Chart 1: S&P 500 Daily Timeframe (February to August 2017)
Despite it being a low volume, low volatility environment, yesterday's price action around this revived geopolitical trigger suggests investors aren't as complacent as they appear to be. In fact, with Tuesday's S&P500 candle posting a fresh yearly high before closing below Monday's low, a bearish daily key reversal is in place. We may have just established a short-term top.
The combination of a topping pattern in US stocks and the breakdown in USD/JPY - price has moved below last week's lows and has cleared out the rising trendline from the April and June 2017 lows - suggest that risk appetite is shifting into the 'risk off' position. Not only have AUD/JPY and NZD/JPY lost multi-month uptrends in the span of a few days, but even stalwart pairs like CAD/JPY and EUR/JPY have started to lose momentum.
Chart 2: EUR/JPY Daily Timeframe (December 2016 to August 2017)
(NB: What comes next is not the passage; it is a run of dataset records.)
Lemma unit_idem_blocks (h : 'M[k]_n) : h \in unitmx -> A *m h *m B = 0 ->
  A *m h *m A + B *m h *m B \in unitmx.
Proof.
move=> hu AhB0; pose Nh := invmx h *m B *m h *m A.
have Ahi_sub : (A *m invmx h <= A)%MS.
  have /andP[_ AAh] : (A *m h == A)%MS by rewrite -stable_unit_eqmx // submx_idemE AhB0.
  by have := submxMr (invmx h) AAh; rewrite mulmxK.
have AhiB0 : A *m invmx h *m B = 0 by apply/eqP; rewrite -submx_idemE.
have -> : A *m h *m A + B *m h *m B = h *m (1%:M - Nh).
  have hE : h = (A + B) *m h *m (A + B) by rewrite AB1 mul1mx mulmx1.
  rewrite [RHS]mulmxBr mulmx1 /Nh !mulmxA mulmxV // mul1mx [X in _ = X - _]hE.
  by rewrite !(mulmxDl, mulmxDr) AhB0 add0r addrAC addrK.
have NhNh : Nh *m Nh = 0.
  by rewrite /Nh -!mulmxA (mulmxA A) (mulmxA (A *m _) B) AhiB0 mul0mx !mulmx0.
have /mulmx1_unit[Nh_unit _] : (1%:M - Nh) *m (1%:M + Nh) = 1%:M.
  by rewrite mulmxBl mul1mx mulmxDr mulmx1 NhNh addr0 addrK.
by rewrite unitmx_mul hu.
Qed.

Lemma idem_cocharE e a : idem_cochar A e a = (a ^- e *: (a *: A + B))^T.
Proof. by rewrite /idem_cochar BE. Qed.

Lemma idem_cocharM e a b :
  idem_cochar A e (a * b) = idem_cochar A e a *m idem_cochar A e b.
Proof.
rewrite !idem_cocharE -trmx_mul -scalemxAl -scalemxAr scalerA -invfM -exprMn mulrC.
rewrite !(mulmxDl, mulmxDr) -!scalemxAl -!scalemxAr A_idem mulmx_AB mulmx_BA mulmx_BB.
by rewrite !scaler0 addr0 add0r scalerA.
Qed.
EUR/JPY, which was a promising breakout candidate, appears to have failed and threatens a more significant breakdown from its symmetrical triangle and rising trendline from the April and June 2017 swing lows.
While it seems that there are legitimate reasons for the shift to a more risk averse mindset, the particular location of this geopolitical threat may mean investor preferences shift: any conflict with North Korea is likely to pull in Japan, so the Japanese Yen may not stay the preferred safe haven for long.
With the United States likely to be drawn into any conflict as well, don't be surprised if the recently battered Swiss Franc finds renewed appeal over the US Dollar and the Japanese Yen. If pairs like AUD/JPY, EUR/JPY, and NZD/JPY have been on your radar, it may be worth shifting attention to AUD/CHF, EUR/CHF, and NZD/CHF in the near-term.